▸ Prompt
Where does the string "near" occur in the records? Copy each line that holds it.

▸ Exercise inputs
(* Let $\Gamma$ be a semi-nice permutation group of a countable set $\mathbb{V}$ and let $X$ be a $(\mathbb{V},\Gamma)$-process with $H(X_v)<\infty$. Then for every co-Følner sequence $(V_n)_{n\ge1}$ in $\mathbb{V}$, \[ h(X)=\lim_{n\to\infty}\frac{H(X_{V_n})}{|V_n|}. \]
   Context: $\Gamma$ acts by $g(x)_v=x_{g^{-1}(v)}$; a $(\mathbb{V},\Gamma)$-process is a random element of $\mathcal{A}^\mathbb{V}$ with $\Gamma$-invariant law. Semi-nice: transitive action and $|\Gamma_v w|<\infty$ for all $v,w$ ($\Gamma_v$ the stabilizer). $h(X)=\inf\{H(X_V)/|V|:V\subset\mathbb{V}\text{ finite nonempty}\}$, $H$ Shannon entropy. For $V\subset\mathbb{V}$ and $v_0,v_1\in\mathbb{V}$ let $\partial^{v_0}_{v_1}V=\{g\in\Gamma: g(v_0)\in V,\ g(v_1)\notin V\}v_0$. A sequence $(V_n)$ of finite subsets of $\mathbb{V}$ is co-Følner if $|\partial^{v_0}_{v_1}V_n|/|V_n|\to0$ and $|\partial^{v_0}_{v_1}(\mathbb{V}\setminus V_n)|/|V_n|\to0$ for all $v_0,v_1\in\mathbb{V}$. *)

From HB Require Import structures.
From mathcomp Require Import all_boot all_order all_algebra finmap.
From mathcomp Require Import all_classical all_reals all_analysis.
Set Implicit Arguments. Unset Strict Implicit. Unset Printing Implicit Defensive.
Import Order.TTheory GRing.Theory Num.Theory numFieldNormedType.Exports.
Local Open Scope classical_set_scope.
Local Open Scope ring_scope.
Local Open Scope fset_scope.

Section Defs.
Variable V : countType.

Definition perm_group (G : set (V -> V)) : Prop :=
  [/\ (forall g, G g -> bijective g),
      G id,
      (forall g h, G g -> G h -> G (g \o h)) &
      (forall g, G g -> exists2 h, G h & cancel g h /\ cancel h g)].

Definition semi_nice (G : set (V -> V)) : Prop :=
  (forall v w : V, exists2 g, G g & g v = w) /\
  (forall v w : V, finite_set [set g w | g in [set g | G g /\ g v = v]]).

Definition bdry (G : set (V -> V)) (v0 v1 : V) (W : set V) : set V :=
  [set g v0 | g in [set g | G g /\ W (g v0) /\ ~ W (g v1)]].

(* co-Folner sequence (the sets V_n are finite and nonempty so that the
   ratios make sense; an infinite boundary makes the ratio infinite, hence
   we require the boundaries to be eventually finite) *)
Definition coFolner (R : realType) (G : set (V -> V)) (Vn : nat -> {fset V}) : Prop :=
  (forall n, Vn n != fset0) /\
  forall v0 v1 : V,
    (\forall n \near \oo, finite_set (bdry G v0 v1 [set` Vn n])) /\
    (\forall n \near \oo, finite_set (bdry G v0 v1 (~` [set` Vn n]))) /\
    ((fun n => (#|` fset_set (bdry G v0 v1 [set` Vn n])|%:R / #|` Vn n|%:R : R))
       @ \oo --> (0 : R)) /\
    ((fun n => (#|` fset_set (bdry G v0 v1 (~` [set` Vn n]))|%:R / #|` Vn n|%:R : R))
       @ \oo --> (0 : R)).

Variable A : countType.
Variables (d : measure_display) (Omega : measurableType d) (R : realType).

Definition random_field (X : V -> Omega -> A) : Prop :=
  forall v a, measurable (X v @^-1` [set a]).

(* the law of X is G-invariant: g(X)_v = X_{g^{-1} v} has the same law as X
   (equality on all cylinder sets, which generate the product sigma-algebra) *)
Definition invariant_law (G : set (V -> V)) (P : probability Omega R)
    (X : V -> Omega -> A) : Prop :=
  forall g ginv, G g -> cancel g ginv -> cancel ginv g ->
  forall (W : {fset V}) (f : V -> A),
    P [set w | forall v, v \in W -> X (ginv v) w = f v] =
    P [set w | forall v, v \in W -> X v w = f v].

Definition process (G : set (V -> V)) (P : probability Omega R)
    (X : V -> Omega -> A) : Prop :=
  random_field X /\ invariant_law G P X.

Definition cyl (X : V -> Omega -> A) (W : {fset V}) (x : {ffun W -> A}) : set Omega :=
  [set w | forall i : W, X (val i) w = x i].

▸ Your response
    (\forall n \near \oo, finite_set (bdry G v0 v1 [set` Vn n])) /\
    (\forall n \near \oo, finite_set (bdry G v0 v1 (~` [set` Vn n]))) /\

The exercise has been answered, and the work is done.